The Austin Chronicle

Mock Shooting Now Just Near UT Campus

By Mac McCann, December 9, 2015, 5:00pm, Newsdesk

Supporters of campus carry, which is set to go into effect on August 1, 2016, often argue that most gun owners are reasonable people. And that might be true. But not all gun owners are – whether it's conservative blowhard Eric Erickson shooting up a New York Times editorial, or, most recently, the people planning on a mock shooting near UT's campus.

Yes, that’s right. On Saturday, Dec. 12, gun supporters will conduct a “Life and Liberty Walk To End Gun Free Zones,” which will include an epic “theatrical performance starting at 2:30pm,” according to their Facebook page. That “theatrical” performance will include a fake mass shooting – complete with fake blood, cardboard weapons, gun noises from bullhorns, and actors playing perpetrators, victims, and “armed” heroes saving the day. (According to the Houston Chronicle, the protest's organizers were planning on having the "victims" wear Gun Free UT shirts.)

Dallas resident Murdoch Pizgatti, who leads both of the involved groups, and Come and Take It Texas, said in an interview with the Chronicle that the performance will compare and contrast two different scenarios: one where “a criminal that wants to do harm” confronts an unarmed student population in “a gun free killing zone,” versus one where that criminal is stopped by a CHL (concealed handgun license) holder.

Before that, starting at 11:30am at 2426 San Antonio St., the group will “open carry walk with our rifles and legal black powder pistols,” moving down the Drag next to the UT Campus before ending at the San Antonio Parking Garage. There, they will put up their guns before kicking off the mock mass shooting. The group said in a Facebook post, “This is NOT about open carrying, this IS about my/our children’s safety on school property that WE are paying for” – despite the fact that the group plans to openly wield rifles and pistols right next to campus.

So what’s the goal of the performance? “Essentially, what we’re doing is educating the public on the dangers of gun-free zones and how they’re target-rich environments that allow people to be harmed,” Pizgatti says.

The group doesn’t have any plans to seek any sort of permit from the city or the university, since “theatrical performance art, such as this, is covered under the First Amendment freedom of speech.”

However, in a press release, UT Austin spokesperson J.B. Bird wrote, “The property or buildings owned or controlled by UT Austin are not, however, open to outside groups for assembly, speech, or other activities, including theatrical performances, as are the public streets, sidewalks, and parks.” Additionally, Bird noted, “When outside individuals come on campus and violate our rules regarding use of our grounds and facilities, they are asked to leave. If they do not, it becomes a criminal trespass matter. We suggest that any outside organizations planning such events on campus relocate them to other space where they would be allowed.”

In response, Pizgatti told the Chronicle that the group will perform on public property near the campus, so that it would still be legal but also still have the UT campus “as a backdrop.”

Notably, on that Saturday, many students will be studying for and taking final exams, a time that’s stressful enough without gun sounds being blared over bullhorns. UT professor Joan Neuberger, one of the leaders of the widely supported “Gun Free UT,” told the Statesman, “Staging a mass shooting during an anxious time for students – finals week – not only breaks rules but shows real disrespect for the feelings of students, faculty and staff who don’t want to have guns around them in the first place, but will be forced to put up with guns in public places in 2016.”

Pizgatti says that the group wasn’t aware that it was finals week when they planned the event, but says that the “small theatrical performance” will be near the edge of campus, not close to any classrooms, and will not disrupt any students studying for or taking exams.

Another professor involved with Gun Free UT, Ellen Spiro, told the Houston Chronicle about her approach to the protest: “Gun Free UT will treat them as if they are invisible.
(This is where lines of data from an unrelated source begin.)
(* Let $N\ge2$, $z=(z_1,\dots,z_N)\in\mathcal P_d^N$, and let $x=(x^i_j)_{1\le j\le i\le N}$ be any critical point of $\Phi^N$ restricted to the set of height-$N$ triangular arrays with $N$-th row equal to $z$ (viewed as a function of the free variables $x^i_j$, $1\le j\le i\le N-1$). Set $p_i=|x^i_1\cdots x^i_i|$. Then $$p_1=p_2^{1/2}=\dots=p_{N-1}^{1/(N-1)}=p_N^{1/N}=|z_1\cdots z_N|^{1/N}.$$
   Context: $\mathcal P_d$: $d\times d$ real symmetric positive definite matrices (an open subset of the space of symmetric matrices); $|\cdot|$ determinant. For a height-$N$ triangular array $x=(x^i_j)_{1\le j\le i\le N}$ with $x^i_j\in\mathcal P_d$, $\Phi^N(x)=\sum_{i=1}^{N-1}\sum_{j=1}^i\big(\operatorname{tr}[x^{i+1}_{j+1}(x^i_j)^{-1}]+\operatorname{tr}[x^i_j(x^{i+1}_j)^{-1}]\big)$. *)

From HB Require Import structures.
From mathcomp Require Import all_boot all_order all_algebra.
From mathcomp Require Import all_classical all_reals all_analysis.
Set Implicit Arguments. Unset Strict Implicit. Unset Printing Implicit Defensive.
Import Order.TTheory GRing.Theory Num.Theory.
Local Open Scope ring_scope.

Definition posdef (R : realType) (d : nat) (A : 'M[R]_d) : Prop :=
  A^T = A /\ forall v : 'cV[R]_d, v != 0 -> 0 < (v^T *m A *m v) 0 0.

(* A height-N triangular array x = (x^i_j), 1 <= j <= i <= N, is encoded as a
   function nat -> nat -> 'M_d (1-based indices; only entries with
   1 <= j <= i <= N are meaningful). *)
Definition tri_array (R : realType) (d : nat) := nat -> nat -> 'M[R]_d.

Definition PhiN (R : realType) (d N : nat) (x : tri_array R d) : R :=
  \sum_(1 <= i < N) \sum_(1 <= j < i.+1)
     (\tr (x i.+1 j.+1 *m invmx (x i j)) + \tr (x i j *m invmx (x i.+1 j))).

Definition perturb (R : realType) (d : nat) (x : tri_array R d)
  (i j : nat) (H : 'M[R]_d) (t : R) : tri_array R d :=
  fun i' j' => if (i' == i) && (j' == j) then x i j + t *: H else x i' j'.

(* x is a critical point of Phi^N restricted to arrays with fixed N-th row:
   the differential w.r.t. every free variable x^i_j (1 <= j <= i <= N-1),
   a point of the open set P_d of the space of symmetric matrices, vanishes,
   i.e. every directional derivative along a symmetric direction H is 0. *)
Definition critical_fixed_row (R : realType) (d N : nat) (x : tri_array R d) : Prop :=
  forall i j : nat, (1 <= j)%N -> (j <= i)%N -> (i <= N.-1)%N ->
  forall H : 'M[R]_d, H^T = H ->
    is_derive (0 : R) (1 : R) (fun t : R => PhiN N (perturb x i j H t)) 0.

(* At a critical point, the derivative of PhiN at x^i_j in a symmetric direction H
   is tr (G H) for a symmetric matrix G; taking H = G forces G = 0, that is
     x^{i+1}_{j+1} + [j < i] x^{i-1}_j
       = x^i_j ((x^{i+1}_j)^-1 + [1 < j] (x^{i-1}_{j-1})^-1) x^i_j.
   As A^-1 + B^-1 = A^-1 (A + B) B^-1, the determinants of these equations along
   row k telescope in j to p_k^2 = p_{k+1} p_{k-1}, where p_0 = 1.  Hence
   p_k = p_1^k, and p_1 = |x^1_1| > 0 since a positive definite matrix is joined
   to the identity by a segment of invertible matrices. *)

From HB Require Import structures.
From mathcomp Require Import all_boot all_order all_algebra.
From mathcomp Require Import all_classical all_reals all_analysis.
From mathcomp Require Import ring zify.
Import Order.TTheory GRing.Theory Num.Theory numFieldNormedType.Exports.
Set Implicit Arguments. Unset Strict Implicit. Unset Printing Implicit Defensive.
Local Open Scope classical_set_scope.
Local Open Scope ring_scope.

Lemma invmx_resolvent (R : comUnitRingType) n (A B : 'M[R]_n) :
  A \in unitmx -> B \in unitmx -> invmx A = invmx B + invmx A *m (B - A) *m invmx B.
Proof.
move=> uA uB; rewrite mulmxBr mulmxBl mulVmx // mul1mx -mulmxA mulmxV //.
by rewrite mulmx1 addrC subrK.
Qed.

Lemma det_addmx_invmx (R : fieldType) n (A B : 'M[R]_n) :
  A \in unitmx -> B \in unitmx ->
  \det (invmx A + invmx B) = \det (A + B) / (\det A * \det B).
Proof.
move=> uA uB; have -> : invmx A + invmx B = invmx A *m (B + A) *m invmx B.
  by rewrite mulmxDr mulmxDl mulVmx // mul1mx -mulmxA mulmxV // mulmx1 addrC.
by rewrite !det_mulmx !det_inv addrC invfM; ring.
Qed.

Lemma trmx_sub_conj (R : comUnitRingType) n (A X C : 'M[R]_n) :
  A^T = A -> C^T = C -> X^T = X ->
  (A - invmx X *m C *m invmx X)^T = A - invmx X *m C *m invmx X.
Proof. by move=> AT CT XT; rewrite raddfB /= !trmx_mul trmx_inv AT CT XT mulmxA. Qed.

Lemma mxtrace_mul_if0l (R : pzRingType) n (b : bool) (H B : 'M[R]_n) :
  \tr ((if b then H else 0) *m B) = if b then \tr (H *m B) else 0.
Proof. by case: b; rewrite ?mul0mx ?mxtrace0. Qed.

Lemma mxtrace_mul_if0m (R : pzRingType) n (b : bool) (A H B : 'M[R]_n) :
  \tr (A *m (if b then H else 0) *m B) = if b then \tr (A *m H *m B) else 0.
Proof. by case: b; rewrite ?mulmx0 ?mul0mx ?mxtrace0. Qed.

Lemma mxtrace_mul_trmx_eq0 (R : realDomainType) m n (M : 'M[R]_(m, n)) :
  \tr (M *m M^T) = 0 -> M = 0.
Proof.
have -> : \tr (M *m M^T) = \sum_i \sum_k M i k ^+ 2.
  by apply: eq_bigr => i _; rewrite mxE; apply: eq_bigr => k _; rewrite mxE expr2.
move=> /psumr_eq0P sum0; apply/matrixP => i k; rewrite mxE.
have /psumr_eq0P sumi0 := sum0 (fun i _ => sumr_ge0 _ (fun k _ => sqr_ge0 _)) i isT.
by apply/eqP; rewrite -sqrf_eq0 sumi0 // => ? _; exact: sqr_ge0.
Qed.

Lemma sum_triangle_delta (R : nmodType) (N i j : nat) (c : nat -> nat -> bool)
    (F : nat -> nat -> R) : (forall a b, c a b = (a == i) && (b == j)) ->
  \sum_(1 <= a < N) \sum_(1 <= b < a.+1) (if c a b then F a b else 0) =
  if (1 <= i < N)%N && (1 <= j <= i)%N then F i j else 0.
Proof.
move=> cE.
rewrite (eq_bigr (fun a => if a == i then if (1 <= j < a.+1)%N then F a j else 0 else 0)).
  by rewrite -big_mkcond big_nat1_eq -if_and.
move=> a _; under eq_bigr do rewrite cE.
case: eqVneq => [->|ai]; first by rewrite -big_mkcondr big_nat1_eq.
by rewrite big1.
Qed.

Lemma telescope_prod_mul (R : comPzSemiRingType) (u v w : nat -> R) m n : (m <= n)%N ->
  (forall k, (m <= k < n)%N -> u k * w k = w k.+1 * v k) ->
  \prod_(m <= k < n) u k * w m = w n * \prod_(m <= k < n) v k.
Proof.
elim: n => [|n IHn] mn uvw.
  by move: mn; rewrite leqn0 => /eqP->; rewrite !big_geq // mulr1 mul1r.
case: (ltngtP m n.+1) mn => // [mn _|-> _]; last by rewrite !big_geq // mulr1 mul1r.
rewrite !big_nat_recr //= mulrAC IHn // => [|k kn]; last by apply: uvw; lia.
by rewrite mulrAC [w n * _]mulrC uvw; [ring | lia].
Qed.

Lemma sqr_recurrence_expr (R : idomainType) (P : nat -> R) n : P 0%N = 1 ->
  (forall k, (0 < k < n)%N -> P k ^+ 2 = P k.+1 * P k.-1) ->
  (forall k, (k < n)%N -> P k != 0) ->
  forall k, (k <= n)%N -> P k = P 1%N ^+ k.
Proof.
move=> P0 Psqr Pneq0.
suff Pk : forall k, (k < n)%N -> P k = P 1%N ^+ k /\ P k.+1 = P 1%N ^+ k.+1.
  by case=> [|k] kn; [rewrite P0 | have [] := Pk k kn].
elim=> [|k IHk] kn; first by rewrite P0 expr0 expr1.
have [Pk Pk1] := IHk (ltnW kn); split => //.
apply: (mulIf (Pneq0 k (ltnW kn))).
rewrite -[P k.+2 * P k]/(P k.+2 * P k.+1.-1) -Psqr; last by lia.
by rewrite Pk1 Pk -exprM -exprD; congr (_ ^+ _); lia.
Qed.

Lemma powR_exprn_inv (R : realType) (a : R) n : 0 <= a -> (0 < n)%N ->
  (a ^+ n) `^ (n%:R)^-1 = a.
Proof.
move=> a0 n0; rewrite -powR_mulrn // -powRrM mulfV ?powRr1 //.
by rewrite pnatr_eq0 -lt0n.
Qed.

Section matrix_limits.
Context {R : realType} {T : Type} {F : set_system T} {FF : Filter F}.

Lemma cvg_det n (M : T -> 'M[R]_n) (L : 'M[R]_n) :
  (forall i j, M x i j @[x --> F] --> L i j) -> \det (M x) @[x --> F] --> \det L.
Proof.
move=> ML; apply: cvg_big => [|s _]; first exact: add_continuous.
apply: cvgM; first exact: cvg_cst.
by apply: cvg_big => [|i _]; [exact: mul_continuous | exact: ML].
Qed.

Lemma cvg_invmx n (M : T -> 'M[R]_n) (L : 'M[R]_n) : L \in unitmx ->
  (forall i j, M x i j @[x --> F] --> L i j) ->
  forall i j, invmx (M x) i j @[x --> F] --> invmx L i j.
Proof.
move=> uL ML i j; have detML := cvg_det ML.
have detL0 : \det L != 0 by rewrite -unitfE -unitmxE.
have -> : invmx L i j = (\det L)^-1 * cofactor L j i by rewrite /invmx uL !mxE.
have uM : \forall x \near F, M x \in unitmx.
  by near do rewrite unitmxE unitfE; exact: cvgr_neq0 detML detL0.
apply: cvg_trans (_ : (\det (M x))^-1 * cofactor (M x) j i @[x --> F] --> _).
  apply: near_eq_cvg; near=> x; rewrite /invmx (_ : M x \in unitmx); last by near: x.
  by rewrite !mxE.
apply: cvgM; first exact: cvgV.
apply: cvgM; first exact: cvg_cst.
by apply: cvg_det => a b; rewrite !mxE; under eq_cvg do rewrite !mxE; exact: ML.
Unshelve. all: by end_near. Qed.

Lemma cvg_mxtrace_mulmx n (A : 'M[R]_n) (B : T -> 'M[R]_n) (L : 'M[R]_n) :
  (forall i j, B x i j @[x --> F] --> L i j) ->
  \tr (A *m B x) @[x --> F] --> \tr (A *m L).
Proof.
move=> BL; rewrite /mxtrace; under eq_cvg do under eq_bigr do rewrite mxE.
under eq_bigr do rewrite mxE.
apply: cvg_big => [|i _]; first exact: add_continuous.
apply: cvg_big => [|k _]; first exact: add_continuous.
exact: cvgM (cvg_cst _) (BL k i).
Qed.
End matrix_limits.

Lemma continuous_line_mx (R : realType) m n (A H : 'M[R]_(m, n)) i j :
  continuous (fun t : R => (A + t *: H) i j).
Proof.
have -> : (fun t : R => (A + t *: H) i j) = fun t => A i j + t * H i j.
  by apply/funext => t; rewrite !mxE.
by move=> s; exact: cvgD (cvg_cst _) (cvgM cvg_id (cvg_cst _)).
Qed.
Arguments continuous_line_mx {R m n} A H i j.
They do not deserve to be seen and heard by our children via the nightly news.”

UT alum Jessica Jin, the organizer of the viral Campus (Dildo) Carry protest, offered to let the gun supporters “borrow from our arsenal of dildos,” to use instead of their fake cardboard guns. That post was quickly deleted from the group’s Facebook page, with the group posting, “This is a positive walk to protest gun free killing zones and this page will maintain a positive response.” Because, of course, nothing says positivity and civility like staging a fake mass shooting while students are struggling to pass their final exams.

Update: A group billing itself as "Austin residents and friends of the UT community" has planned a "mass farting demonstration" to protest the mock shooting. It will also be near, rather than on, campus. In a press release, organizers said to expect "[p]eople with fart noisemakers including toys, smart phone apps, whoopee cushions, their hands and potentially their own butts."